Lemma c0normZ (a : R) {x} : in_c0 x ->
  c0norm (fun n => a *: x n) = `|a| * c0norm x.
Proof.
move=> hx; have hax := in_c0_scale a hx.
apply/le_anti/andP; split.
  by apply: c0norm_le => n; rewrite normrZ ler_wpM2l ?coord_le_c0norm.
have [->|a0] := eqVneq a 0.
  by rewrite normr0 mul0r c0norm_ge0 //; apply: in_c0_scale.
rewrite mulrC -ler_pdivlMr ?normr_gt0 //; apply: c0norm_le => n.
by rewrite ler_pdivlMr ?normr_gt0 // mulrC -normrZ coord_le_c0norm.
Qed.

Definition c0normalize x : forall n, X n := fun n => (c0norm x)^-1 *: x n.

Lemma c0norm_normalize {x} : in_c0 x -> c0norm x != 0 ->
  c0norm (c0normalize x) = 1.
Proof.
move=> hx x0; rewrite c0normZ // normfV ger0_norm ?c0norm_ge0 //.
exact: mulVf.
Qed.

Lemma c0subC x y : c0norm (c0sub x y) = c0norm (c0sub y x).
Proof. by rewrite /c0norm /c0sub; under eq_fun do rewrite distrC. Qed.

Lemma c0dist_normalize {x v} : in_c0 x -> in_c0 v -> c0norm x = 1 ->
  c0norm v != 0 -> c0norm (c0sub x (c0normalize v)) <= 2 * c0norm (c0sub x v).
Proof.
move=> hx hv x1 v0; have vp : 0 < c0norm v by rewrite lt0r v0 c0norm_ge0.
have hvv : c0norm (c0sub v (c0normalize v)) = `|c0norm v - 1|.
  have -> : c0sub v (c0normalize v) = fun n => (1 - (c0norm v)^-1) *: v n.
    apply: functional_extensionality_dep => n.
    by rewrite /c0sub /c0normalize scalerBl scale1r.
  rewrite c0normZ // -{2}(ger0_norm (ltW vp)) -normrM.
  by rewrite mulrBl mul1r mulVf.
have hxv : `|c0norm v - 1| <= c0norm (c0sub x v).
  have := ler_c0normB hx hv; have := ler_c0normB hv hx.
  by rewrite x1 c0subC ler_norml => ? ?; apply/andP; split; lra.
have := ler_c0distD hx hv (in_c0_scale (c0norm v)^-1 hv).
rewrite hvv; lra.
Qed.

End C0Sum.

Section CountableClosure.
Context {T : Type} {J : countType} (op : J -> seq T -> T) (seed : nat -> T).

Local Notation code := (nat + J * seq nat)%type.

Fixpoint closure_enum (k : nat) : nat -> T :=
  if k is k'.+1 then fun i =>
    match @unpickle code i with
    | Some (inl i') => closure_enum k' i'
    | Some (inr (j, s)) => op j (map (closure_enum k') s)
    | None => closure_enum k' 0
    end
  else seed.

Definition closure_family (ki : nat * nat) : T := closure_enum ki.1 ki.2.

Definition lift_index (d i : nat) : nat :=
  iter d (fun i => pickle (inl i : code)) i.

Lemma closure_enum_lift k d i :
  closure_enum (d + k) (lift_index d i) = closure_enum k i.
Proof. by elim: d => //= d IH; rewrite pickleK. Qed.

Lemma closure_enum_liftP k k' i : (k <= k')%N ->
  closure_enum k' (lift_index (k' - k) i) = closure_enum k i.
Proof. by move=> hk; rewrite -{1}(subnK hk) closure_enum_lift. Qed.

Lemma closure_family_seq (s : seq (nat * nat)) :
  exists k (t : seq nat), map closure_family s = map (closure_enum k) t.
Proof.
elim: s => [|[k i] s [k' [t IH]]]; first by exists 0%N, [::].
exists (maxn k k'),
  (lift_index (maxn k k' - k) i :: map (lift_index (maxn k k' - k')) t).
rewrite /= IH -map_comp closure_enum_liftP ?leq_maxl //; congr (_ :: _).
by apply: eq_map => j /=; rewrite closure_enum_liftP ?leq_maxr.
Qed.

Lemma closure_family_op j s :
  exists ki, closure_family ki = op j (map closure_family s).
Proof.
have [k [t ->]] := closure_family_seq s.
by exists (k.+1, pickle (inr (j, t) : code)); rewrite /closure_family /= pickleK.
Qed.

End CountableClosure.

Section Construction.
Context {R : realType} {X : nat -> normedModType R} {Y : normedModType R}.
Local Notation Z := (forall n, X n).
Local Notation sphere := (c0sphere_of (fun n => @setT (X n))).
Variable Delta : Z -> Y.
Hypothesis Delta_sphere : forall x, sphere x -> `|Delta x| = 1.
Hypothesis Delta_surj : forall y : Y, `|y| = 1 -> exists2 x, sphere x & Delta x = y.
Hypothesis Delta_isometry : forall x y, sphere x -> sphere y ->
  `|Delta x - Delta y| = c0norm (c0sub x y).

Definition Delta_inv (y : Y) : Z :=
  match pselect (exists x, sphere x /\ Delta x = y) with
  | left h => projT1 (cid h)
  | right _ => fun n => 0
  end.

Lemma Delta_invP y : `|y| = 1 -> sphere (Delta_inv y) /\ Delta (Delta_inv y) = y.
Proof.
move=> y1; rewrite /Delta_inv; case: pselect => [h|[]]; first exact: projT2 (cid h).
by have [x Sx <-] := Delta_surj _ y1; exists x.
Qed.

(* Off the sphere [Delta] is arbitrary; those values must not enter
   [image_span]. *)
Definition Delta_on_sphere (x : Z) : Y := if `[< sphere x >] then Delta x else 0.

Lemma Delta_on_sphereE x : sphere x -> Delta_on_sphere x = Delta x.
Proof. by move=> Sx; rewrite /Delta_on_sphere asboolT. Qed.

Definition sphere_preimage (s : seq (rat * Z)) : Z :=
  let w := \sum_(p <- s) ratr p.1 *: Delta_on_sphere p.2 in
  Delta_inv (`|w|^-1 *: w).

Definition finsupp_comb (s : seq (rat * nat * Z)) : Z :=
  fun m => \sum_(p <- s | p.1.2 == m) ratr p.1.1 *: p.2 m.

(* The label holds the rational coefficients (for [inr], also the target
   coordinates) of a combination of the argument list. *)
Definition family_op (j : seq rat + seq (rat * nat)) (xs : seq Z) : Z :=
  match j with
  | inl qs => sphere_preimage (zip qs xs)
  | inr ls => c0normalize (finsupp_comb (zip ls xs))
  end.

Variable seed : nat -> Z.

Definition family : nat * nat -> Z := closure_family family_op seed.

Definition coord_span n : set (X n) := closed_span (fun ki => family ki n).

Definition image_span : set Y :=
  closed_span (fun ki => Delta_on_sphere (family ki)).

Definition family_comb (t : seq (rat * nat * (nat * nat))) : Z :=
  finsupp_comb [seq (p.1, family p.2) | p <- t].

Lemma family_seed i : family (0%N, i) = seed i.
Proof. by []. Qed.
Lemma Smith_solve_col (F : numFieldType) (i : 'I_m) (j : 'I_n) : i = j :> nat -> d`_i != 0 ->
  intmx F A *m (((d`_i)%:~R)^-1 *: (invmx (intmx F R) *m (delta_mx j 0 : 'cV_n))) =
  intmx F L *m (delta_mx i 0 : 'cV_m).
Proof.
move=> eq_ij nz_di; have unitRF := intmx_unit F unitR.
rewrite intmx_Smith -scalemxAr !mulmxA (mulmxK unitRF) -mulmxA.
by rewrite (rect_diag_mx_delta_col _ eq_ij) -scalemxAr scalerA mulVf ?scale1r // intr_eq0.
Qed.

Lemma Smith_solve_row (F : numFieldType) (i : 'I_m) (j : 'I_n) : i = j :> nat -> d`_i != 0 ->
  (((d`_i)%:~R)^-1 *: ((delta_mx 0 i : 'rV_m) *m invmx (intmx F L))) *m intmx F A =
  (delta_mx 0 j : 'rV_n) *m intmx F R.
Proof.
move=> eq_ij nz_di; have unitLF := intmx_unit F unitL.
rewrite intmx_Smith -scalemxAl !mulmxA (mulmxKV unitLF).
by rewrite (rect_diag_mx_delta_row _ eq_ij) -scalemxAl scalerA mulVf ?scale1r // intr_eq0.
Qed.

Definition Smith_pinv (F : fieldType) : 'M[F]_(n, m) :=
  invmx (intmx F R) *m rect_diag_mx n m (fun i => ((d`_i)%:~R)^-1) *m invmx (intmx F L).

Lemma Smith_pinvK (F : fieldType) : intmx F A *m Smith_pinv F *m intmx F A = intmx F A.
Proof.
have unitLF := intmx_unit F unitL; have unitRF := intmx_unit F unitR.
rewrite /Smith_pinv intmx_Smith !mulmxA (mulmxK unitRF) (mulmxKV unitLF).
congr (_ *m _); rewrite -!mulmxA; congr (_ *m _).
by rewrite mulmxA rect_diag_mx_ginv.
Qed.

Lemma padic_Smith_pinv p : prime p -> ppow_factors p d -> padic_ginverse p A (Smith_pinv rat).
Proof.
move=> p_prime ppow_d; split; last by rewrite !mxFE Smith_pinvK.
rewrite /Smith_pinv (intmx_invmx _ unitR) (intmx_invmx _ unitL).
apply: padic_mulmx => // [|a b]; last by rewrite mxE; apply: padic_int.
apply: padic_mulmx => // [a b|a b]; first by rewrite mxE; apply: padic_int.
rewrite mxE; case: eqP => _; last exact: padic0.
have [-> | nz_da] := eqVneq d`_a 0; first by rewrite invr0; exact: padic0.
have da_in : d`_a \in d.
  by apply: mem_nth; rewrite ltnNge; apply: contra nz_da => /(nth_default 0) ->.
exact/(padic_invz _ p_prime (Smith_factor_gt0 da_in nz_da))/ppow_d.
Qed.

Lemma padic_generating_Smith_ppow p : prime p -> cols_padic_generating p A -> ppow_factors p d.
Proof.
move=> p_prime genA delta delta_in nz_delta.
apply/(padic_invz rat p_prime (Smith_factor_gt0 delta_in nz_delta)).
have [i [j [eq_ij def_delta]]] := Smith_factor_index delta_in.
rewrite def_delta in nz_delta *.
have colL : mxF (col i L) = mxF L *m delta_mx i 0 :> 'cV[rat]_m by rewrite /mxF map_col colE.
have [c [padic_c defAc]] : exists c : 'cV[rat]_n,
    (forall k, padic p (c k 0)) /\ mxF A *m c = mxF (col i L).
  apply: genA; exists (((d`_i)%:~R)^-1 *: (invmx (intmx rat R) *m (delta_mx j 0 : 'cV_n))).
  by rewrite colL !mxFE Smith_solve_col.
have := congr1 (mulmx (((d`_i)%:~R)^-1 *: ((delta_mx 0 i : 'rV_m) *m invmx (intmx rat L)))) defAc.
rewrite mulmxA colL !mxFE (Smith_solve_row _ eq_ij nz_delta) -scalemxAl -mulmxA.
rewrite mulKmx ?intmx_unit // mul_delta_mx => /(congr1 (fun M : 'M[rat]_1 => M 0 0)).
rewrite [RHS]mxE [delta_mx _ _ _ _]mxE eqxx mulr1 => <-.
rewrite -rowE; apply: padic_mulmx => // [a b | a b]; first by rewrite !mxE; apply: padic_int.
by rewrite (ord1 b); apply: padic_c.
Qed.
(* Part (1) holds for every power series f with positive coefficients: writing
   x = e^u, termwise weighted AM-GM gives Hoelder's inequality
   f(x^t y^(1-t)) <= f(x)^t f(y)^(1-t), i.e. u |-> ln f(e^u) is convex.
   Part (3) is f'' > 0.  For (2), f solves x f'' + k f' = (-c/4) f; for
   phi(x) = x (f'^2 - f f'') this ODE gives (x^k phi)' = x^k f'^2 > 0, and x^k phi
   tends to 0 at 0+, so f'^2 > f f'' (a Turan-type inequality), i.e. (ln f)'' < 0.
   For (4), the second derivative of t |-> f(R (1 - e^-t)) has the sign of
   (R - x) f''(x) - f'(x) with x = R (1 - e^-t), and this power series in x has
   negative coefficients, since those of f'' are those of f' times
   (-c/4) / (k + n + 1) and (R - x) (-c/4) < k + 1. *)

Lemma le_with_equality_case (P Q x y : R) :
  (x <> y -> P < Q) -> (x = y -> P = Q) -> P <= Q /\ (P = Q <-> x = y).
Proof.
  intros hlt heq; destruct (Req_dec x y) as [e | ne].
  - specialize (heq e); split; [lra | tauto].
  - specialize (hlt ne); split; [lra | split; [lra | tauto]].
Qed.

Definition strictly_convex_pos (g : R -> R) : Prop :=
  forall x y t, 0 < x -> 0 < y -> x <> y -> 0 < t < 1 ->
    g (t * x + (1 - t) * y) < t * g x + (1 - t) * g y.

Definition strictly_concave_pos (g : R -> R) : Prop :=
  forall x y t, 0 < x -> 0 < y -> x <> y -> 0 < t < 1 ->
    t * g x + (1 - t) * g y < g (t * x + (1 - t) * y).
##############################
Write out a verbatim copy of the data, beginning with its first line and ending with the line that contains "c0norm x = 1 ->".

Lemma c0normZ (a : R) {x} : in_c0 x ->
  c0norm (fun n => a *: x n) = `|a| * c0norm x.
Proof.
move=> hx; have hax := in_c0_scale a hx.
apply/le_anti/andP; split.
  by apply: c0norm_le => n; rewrite normrZ ler_wpM2l ?coord_le_c0norm.
have [->|a0] := eqVneq a 0.
  by rewrite normr0 mul0r c0norm_ge0 //; apply: in_c0_scale.
rewrite mulrC -ler_pdivlMr ?normr_gt0 //; apply: c0norm_le => n.
by rewrite ler_pdivlMr ?normr_gt0 // mulrC -normrZ coord_le_c0norm.
Qed.

Definition c0normalize x : forall n, X n := fun n => (c0norm x)^-1 *: x n.

Lemma c0norm_normalize {x} : in_c0 x -> c0norm x != 0 ->
  c0norm (c0normalize x) = 1.
Proof.
move=> hx x0; rewrite c0normZ // normfV ger0_norm ?c0norm_ge0 //.
exact: mulVf.
Qed.

Lemma c0subC x y : c0norm (c0sub x y) = c0norm (c0sub y x).
Proof. by rewrite /c0norm /c0sub; under eq_fun do rewrite distrC. Qed.

Lemma c0dist_normalize {x v} : in_c0 x -> in_c0 v -> c0norm x = 1 ->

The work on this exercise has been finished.